::: Records supplied :::

(* Let $A=(a_{jk})\in\mathbb C^{4\times 4}$ be a hermitian matrix such that $\bar zAz^T\geq 0$ for all $z\in\mathbb C^4$ with $z_1z_4+z_2z_3=0$. Then $$\sum_{j,k=1}^{4}a_{jk}\,a_{5-j,5-k}\geq 0.$$ *)

From HB Require Import structures.
From mathcomp Require Import all_boot all_order all_algebra.
From mathcomp Require Import complex.
From mathcomp Require Import reals.
Set Implicit Arguments. Unset Strict Implicit. Unset Printing Implicit Defensive.
Import Order.TTheory GRing.Theory Num.Theory.
Local Open Scope ring_scope.

Definition hermitian_mx (C : numClosedFieldType) (n : nat) (A : 'M[C]_n) : Prop :=
  forall j k : 'I_n, A j k = (A k j)^*.

Definition herm_form (C : numClosedFieldType) (n : nat) (A : 'M[C]_n) (z : 'rV[C]_n) : C :=
  \sum_(j < n) \sum_(k < n) (z 0 j)^* * A j k * z 0 k.

(* Write D A D, where D = diag(1, 1, -1, 1), in the basis sigma_mu (x) sigma_nu of tensor products
   of Pauli matrices (sigma_0 = 1); its coefficients form a real 4x4 matrix M. The vectors z with
   z_1 z_4 + z_2 z_3 = 0 include all D (u (x) v), and z^* A z = X(u) M X(v)^T, where X(u), the Pauli
   coordinates of u u^*, ranges over the whole future light cone. Hence M is a bilinear form that is
   nonnegative on pairs of future null vectors, and the sum in question is 4 times its Minkowski
   norm a^2 - |c|^2 - |r|^2 + |T|^2, where a = M_00, c and r are the mixed column and row and T is the
   spatial block. Evaluating M on (1, +-c/|c|) and (1, +-r/|r|) gives a + s >= |c| + |r| and
   a - s >= | |c| - |r| | with s = c T r^T / (|c| |r|); hence a^2 + s^2 >= |c|^2 + |r|^2, and
   s^2 <= |T|^2 by Cauchy-Schwarz. *)
From HB Require Import structures.
From mathcomp Require Import all_boot all_order all_algebra.
From mathcomp Require Import complex.
From mathcomp Require Import reals.
From mathcomp Require Import ring lra.
Set Implicit Arguments. Unset Strict Implicit. Unset Printing Implicit Defensive.
Import Order.TTheory GRing.Theory Num.Theory.
Local Open Scope ring_scope.

Lemma sum_ord4 (V : nmodType) (F : 'I_4 -> V) : \sum_(j < 4) F j = F 0 + F 1 + F 2 + F 3.
Proof. by rewrite !big_ord_recr big_ord0 /= add0r; repeat f_equal; apply: val_inj. Qed.

Section MinkowskiSpace.
Variable R : rcfType.
Implicit Types (M : 'M[R]_4) (x y : 'rV[R]_4).

Definition row4 (x0 x1 x2 x3 : R) : 'rV[R]_4 := \row_j [:: x0; x1; x2; x3]`_j.

Definition future_null x :=
  0 <= x 0 0 /\ x 0 0 ^+ 2 = x 0 1 ^+ 2 + x 0 2 ^+ 2 + x 0 3 ^+ 2.

Definition bilin M x y := \sum_(i < 4) \sum_(j < 4) x 0 i * M i j * y 0 j.

Definition minkowski_sign (i : 'I_4) : R := if i == 0 then 1 else -1.

Definition minkowski_sqnorm M :=
  \sum_(i < 4) \sum_(j < 4) minkowski_sign i * minkowski_sign j * M i j ^+ 2.

Lemma row4E x : x = row4 (x 0 0) (x 0 1) (x 0 2) (x 0 3).
Proof.
apply/rowP => -[[|[|[|[|//]]]] j_lt4]; rewrite !mxE /=; congr (x 0 _); exact: val_inj.
Qed.

Lemma future_null_unit (e u1 u2 u3 : R) :
  e ^+ 2 = 1 -> u1 ^+ 2 + u2 ^+ 2 + u3 ^+ 2 = 1 ->
  future_null (row4 1 (e * u1) (e * u2) (e * u3)).
Proof.
move=> e2 u_unit; rewrite /future_null !mxE /= ler01.
by rewrite !exprMn -!mulrDr e2 u_unit expr1n mulr1.
Qed.

Lemma cauchy_schwarz3 (x1 x2 x3 y1 y2 y3 : R) :
  (x1 * y1 + x2 * y2 + x3 * y3) ^+ 2 <=
  (x1 ^+ 2 + x2 ^+ 2 + x3 ^+ 2) * (y1 ^+ 2 + y2 ^+ 2 + y3 ^+ 2).
Proof.
(* Lagrange's identity *)
have -> : (x1 ^+ 2 + x2 ^+ 2 + x3 ^+ 2) * (y1 ^+ 2 + y2 ^+ 2 + y3 ^+ 2) =
    (x1 * y1 + x2 * y2 + x3 * y3) ^+ 2 +
    ((x1 * y2 - x2 * y1) ^+ 2 + (x1 * y3 - x3 * y1) ^+ 2 + (x2 * y3 - x3 * y2) ^+ 2).
  by ring.
by rewrite lerDl !addr_ge0 ?sqr_ge0.
Qed.

(* For c = 0 any unit vector u will do. *)
Lemma polar_decomposition3 (c1 c2 c3 : R) :
  exists n u1 u2 u3, [/\ 0 <= n, n ^+ 2 = c1 ^+ 2 + c2 ^+ 2 + c3 ^+ 2,
    u1 ^+ 2 + u2 ^+ 2 + u3 ^+ 2 = 1 & [/\ c1 = n * u1, c2 = n * u2 & c3 = n * u3]].
Proof.
pose n : R := Num.sqrt (c1 ^+ 2 + c2 ^+ 2 + c3 ^+ 2).
have n_ge0 : 0 <= n := sqrtr_ge0 _.
have n2 : n ^+ 2 = c1 ^+ 2 + c2 ^+ 2 + c3 ^+ 2 by rewrite sqr_sqrtr ?addr_ge0 ?sqr_ge0.
have [n0 | n_neq0] := eqVneq n 0.
  have [-> -> ->] : [/\ c1 = 0, c2 = 0 & c3 = 0].
    by rewrite n0 expr0n /= in n2; split; nra.
  by exists 0, 1, 0, 0; rewrite !expr0n expr1n /= !addr0 !mul0r.
exists n, (c1 / n), (c2 / n), (c3 / n); split => //.
  by rewrite !expr_div_n -!mulrDl -n2 divff // expf_neq0.
by split; rewrite mulrC divfK.
Qed.

Lemma minkowski_sqnorm_ge0 M :
  (forall x y, future_null x -> future_null y -> 0 <= bilin M x y) ->
  0 <= minkowski_sqnorm M.
Proof.
move=> M_ge0.
have [nc [u1 [u2 [u3 [nc_ge0 nc2 u_unit [c1 c2 c3]]]]]] :=
  polar_decomposition3 (M 1 0) (M 2 0) (M 3 0).
have [nr [w1 [w2 [w3 [nr_ge0 nr2 w_unit [r1 r2 r3]]]]]] :=
  polar_decomposition3 (M 0 1) (M 0 2) (M 0 3).
pose s := u1 * (M 1 1 * w1 + M 1 2 * w2 + M 1 3 * w3)
        + u2 * (M 2 1 * w1 + M 2 2 * w2 + M 2 3 * w3)
        + u3 * (M 3 1 * w1 + M 3 2 * w2 + M 3 3 * w3).
pose t2 := M 1 1 ^+ 2 + M 1 2 ^+ 2 + M 1 3 ^+ 2 + (M 2 1 ^+ 2 + M 2 2 ^+ 2 + M 2 3 ^+ 2)
         + (M 3 1 ^+ 2 + M 3 2 ^+ 2 + M 3 3 ^+ 2).
have sign_ge0 (e d : R) : e ^+ 2 = 1 -> d ^+ 2 = 1 ->
    0 <= M 0 0 + e * nc + d * nr + e * d * s.
  move=> e2 d2; have := M_ge0 _ _ (future_null_unit e2 u_unit) (future_null_unit d2 w_unit).
  rewrite /bilin !sum_ord4 !mxE /= c1 c2 c3 r1 r2 r3; congr (0 <= _).
  transitivity (M 0 0 + e * nc * (u1 ^+ 2 + u2 ^+ 2 + u3 ^+ 2) +
                d * nr * (w1 ^+ 2 + w2 ^+ 2 + w3 ^+ 2) + e * d * s); first by rewrite /s; ring.
  by rewrite u_unit w_unit !mulr1.
have s2_le : s ^+ 2 <= t2.
  have := cauchy_schwarz3 u1 u2 u3 (M 1 1 * w1 + M 1 2 * w2 + M 1 3 * w3)
    (M 2 1 * w1 + M 2 2 * w2 + M 2 3 * w3) (M 3 1 * w1 + M 3 2 * w2 + M 3 3 * w3).
  rewrite u_unit mul1r => /le_trans; apply.
  have := cauchy_schwarz3 (M 1 1) (M 1 2) (M 1 3) w1 w2 w3.
  have := cauchy_schwarz3 (M 2 1) (M 2 2) (M 2 3) w1 w2 w3.
  have := cauchy_schwarz3 (M 3 1) (M 3 2) (M 3 3) w1 w2 w3.
  rewrite w_unit !mulr1 /t2; lra.
have sqrN1 : (-1 : R) ^+ 2 = 1 by rewrite sqrrN expr1n.
have := sign_ge0 (-1) (-1) sqrN1 sqrN1.
have := sign_ge0 (-1) 1 sqrN1 (expr1n _ _).
have := sign_ge0 1 (-1) (expr1n _ _) sqrN1.
have -> : minkowski_sqnorm M = M 0 0 ^+ 2 - nc ^+ 2 - nr ^+ 2 + t2.
  by rewrite /minkowski_sqnorm !sum_ord4 /minkowski_sign /= nc2 nr2 /t2; ring.
nra.
Qed.

End MinkowskiSpace.

Section PauliCoordinates.
Variable R : rcfType.

(* The Pauli coordinates of u u^* for the spinor u = (al, be + i ga); the phase of u is
   normalised so that its first coordinate is real. *)
Definition spinor_sq (al be ga : R) : 'rV[R]_4 :=
  row4 (al ^+ 2 + be ^+ 2 + ga ^+ 2) (2 * al * be) (2 * al * ga) (al ^+ 2 - be ^+ 2 - ga ^+ 2).

Lemma future_null_spinor_sq x :
  future_null x -> exists al be ga, x = spinor_sq al be ga.
Proof.
rewrite /future_null (row4E x) !mxE /=.
move: (x 0 0) (x 0 1) (x 0 2) (x 0 3) => x0 x1 x2 x3 [x0_ge0 null].
have [p0 | p_neq0] := eqVneq (x0 + x3) 0.
  have [x1_0 x2_0] : x1 = 0 /\ x2 = 0 by split; nra.
  exists 0, (Num.sqrt x0), 0; rewrite /spinor_sq sqr_sqrtr // x1_0 x2_0.
  congr row4; rewrite ?expr0n ?mulr0 ?mul0r /=; lra.
have p_gt0 : 0 < x0 + x3 by rewrite lt_def p_neq0; nra.
pose al : R := Num.sqrt ((x0 + x3) / 2).
have al2 : al ^+ 2 = (x0 + x3) / 2 by rewrite sqr_sqrtr // divr_ge0 ?ltW.
have al_neq0 : al != 0.
  by apply: contra_neq p_neq0 => al0; move: al2; rewrite al0 expr0n /=; lra.
have two_al_neq0 : 2 * al != 0 by rewrite mulf_neq0 ?pnatr_eq0.
have x12 : x1 ^+ 2 + x2 ^+ 2 = x0 ^+ 2 - x3 ^+ 2 by rewrite null; ring.
exists al, (x1 / (2 * al)), (x2 / (2 * al)); rewrite /spinor_sq.
congr row4; rewrite ?mulrA ?[2 * al * _]mulrC ?mulfK //.
  by rewrite !expr_div_n -addrA -mulrDl x12 exprMn al2; field; lra.
by rewrite !expr_div_n -addrA -opprD -mulrDl x12 exprMn al2; field; lra.
Qed.

(* u (x) v with its third coordinate negated, for u = (al, be + i ga) and v = (de, ep + i ze). *)
Definition spinor_tensor (al be ga de ep ze : R) : 'rV[R[i]]_4 :=
  let u1 := Complex al 0 in let u2 := Complex be ga in
  let v1 := Complex de 0 in let v2 := Complex ep ze in
  \row_j [:: u1 * v1; u1 * v2; - (u2 * v1); u2 * v2]`_j.

Lemma spinor_tensor_isotropic al be ga de ep ze :
  let z := spinor_tensor al be ga de ep ze in z 0 0 * z 0 3 + z 0 1 * z 0 2 = 0.
Proof. by rewrite /= !mxE /=; ring. Qed.

(* The real coefficients M of D A D = \sum_(mu, nu) M mu nu *: (sigma_mu (x) sigma_nu), where
   D = diag(1, 1, -1, 1), sigma_0 = 1, sigma_1 = [[0, 1], [1, 0]], sigma_2 = [[0, -i], [i, 0]] and
   sigma_3 = [[1, 0], [0, -1]]; for hermitian A they are M mu nu = tr (D A D (sigma_mu (x) sigma_nu)) / 4. *)
Definition pauli_coords (A : 'M[R[i]]_4) : 'M[R]_4 :=
  let d j := complex.Re (A j j) in
  let p j k := complex.Re (A j k) in let q j k := complex.Im (A j k) in
  \matrix_(mu, nu) nth 0 (nth [::] [::
    [:: (d 0 + d 1 + d 2 + d 3) / 4; (p 0 1 - p 2 3) / 2;
        (q 2 3 - q 0 1) / 2; (d 0 - d 1 + d 2 - d 3) / 4];
    [:: (p 1 3 - p 0 2) / 2; (p 0 3 - p 1 2) / 2;
        - (q 0 3 + q 1 2) / 2; - (p 0 2 + p 1 3) / 2];
    [:: (q 0 2 - q 1 3) / 2; (q 1 2 - q 0 3) / 2;
        - (p 0 3 + p 1 2) / 2; (q 0 2 + q 1 3) / 2];
    [:: (d 0 + d 1 - d 2 - d 3) / 4; (p 0 1 + p 2 3) / 2;
        - (q 0 1 + q 2 3) / 2; (d 0 - d 1 - d 2 + d 3) / 4]] mu) nu.

Lemma hermitian_diag n (A : 'M[R[i]]_n) j : hermitian_mx A -> exists d : R, A j j = d%:C%C.
Proof. by move/(_ j j); case: (A j j) => a b [] b0; exists a; congr Complex; lra. Qed.

Lemma Re_herm_form_spinor_tensor A al be ga de ep ze : hermitian_mx A ->
  complex.Re (herm_form A (spinor_tensor al be ga de ep ze)) =
  bilin (pauli_coords A) (spinor_sq al be ga) (spinor_sq de ep ze).
Proof.
move=> hA; rewrite /herm_form /bilin !sum_ord4 !mxE /=.
rewrite (hA 1 0) (hA 2 0) (hA 3 0) (hA 2 1) (hA 3 1) (hA 3 2).
have [d0 ->] := hermitian_diag 0 hA; have [d1 ->] := hermitian_diag 1 hA.
have [d2 ->] := hermitian_diag 2 hA; have [d3 ->] := hermitian_diag 3 hA.
case: (A 0 1) => [p01 q01]; case: (A 0 2) => [p02 q02]; case: (A 0 3) => [p03 q03].
case: (A 1 2) => [p12 q12]; case: (A 1 3) => [p13 q13]; case: (A 2 3) => [p23 q23].
by rewrite /=; simpc; field.
Qed.

Lemma rev_ord4 : [/\ rev_ord (0 : 'I_4) = 3, rev_ord (1 : 'I_4) = 2,
  rev_ord (2 : 'I_4) = 1 & rev_ord (3 : 'I_4) = 0].
Proof. by split; apply: val_inj. Qed.

Lemma sum_rev_entries_pauli A : hermitian_mx A ->
  \sum_(j < 4) \sum_(k < 4) A j k * A (rev_ord j) (rev_ord k) =
  (4 * minkowski_sqnorm (pauli_coords A))%:C%C.
Proof.
move=> hA; rewrite !sum_ord4; have [-> -> -> ->] := rev_ord4.
rewrite /minkowski_sqnorm !sum_ord4 /minkowski_sign !mxE /=.
rewrite (hA 1 0) (hA 2 0) (hA 3 0) (hA 2 1) (hA 3 1) (hA 3 2).
have [d0 ->] := hermitian_diag 0 hA; have [d1 ->] := hermitian_diag 1 hA.
have [d2 ->] := hermitian_diag 2 hA; have [d3 ->] := hermitian_diag 3 hA.
case: (A 0 1) => [p01 q01]; case: (A 0 2) => [p02 q02]; case: (A 0 3) => [p03 q03].
case: (A 1 2) => [p12 q12]; case: (A 1 3) => [p13 q13]; case: (A 2 3) => [p23 q23].
by rewrite /=; simpc; rewrite -complexr0; congr Complex; [field | ring].
Qed.

End PauliCoordinates.

Theorem theorem7 (R : realType) (A : 'M[R[i]]_4) :
  hermitian_mx A ->
  (forall z : 'rV[R[i]]_4,
      z 0 0 * z 0 3 + z 0 1 * z 0 2 = 0 -> 0 <= herm_form A z) ->
  0 <= \sum_(j < 4) \sum_(k < 4) A j k * A (rev_ord j) (rev_ord k).
Proof.
move=> hA isotropic_ge0.
have lorentz_ge0 x y : future_null x -> future_null y -> 0 <= bilin (pauli_coords A) x y.
  move=> /future_null_spinor_sq[al [be [ga ->]]] /future_null_spinor_sq[de [ep [ze ->]]].
  rewrite -Re_herm_form_spinor_tensor //.
  have := isotropic_ge0 _ (spinor_tensor_isotropic al be ga de ep ze).
  by rewrite lecE => /andP[].
by rewrite sum_rev_entries_pauli // ler0c mulr_ge0 // minkowski_sqnorm_ge0.
Qed.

:::

What you will do »
Each line in the listing above from the one containing "have [nr [w1" through the one containing "transitivity (M 0" should be repeated exactly, and no other line.

Finished exercise »
have [nr [w1 [w2 [w3 [nr_ge0 nr2 w_unit [r1 r2 r3]]]]]] :=
  polar_decomposition3 (M 0 1) (M 0 2) (M 0 3).
pose s := u1 * (M 1 1 * w1 + M 1 2 * w2 + M 1 3 * w3)
        + u2 * (M 2 1 * w1 + M 2 2 * w2 + M 2 3 * w3)
        + u3 * (M 3 1 * w1 + M 3 2 * w2 + M 3 3 * w3).
pose t2 := M 1 1 ^+ 2 + M 1 2 ^+ 2 + M 1 3 ^+ 2 + (M 2 1 ^+ 2 + M 2 2 ^+ 2 + M 2 3 ^+ 2)
         + (M 3 1 ^+ 2 + M 3 2 ^+ 2 + M 3 3 ^+ 2).
have sign_ge0 (e d : R) : e ^+ 2 = 1 -> d ^+ 2 = 1 ->
    0 <= M 0 0 + e * nc + d * nr + e * d * s.
  move=> e2 d2; have := M_ge0 _ _ (future_null_unit e2 u_unit) (future_null_unit d2 w_unit).
  rewrite /bilin !sum_ord4 !mxE /= c1 c2 c3 r1 r2 r3; congr (0 <= _).
  transitivity (M 0 0 + e * nc * (u1 ^+ 2 + u2 ^+ 2 + u3 ^+ 2) +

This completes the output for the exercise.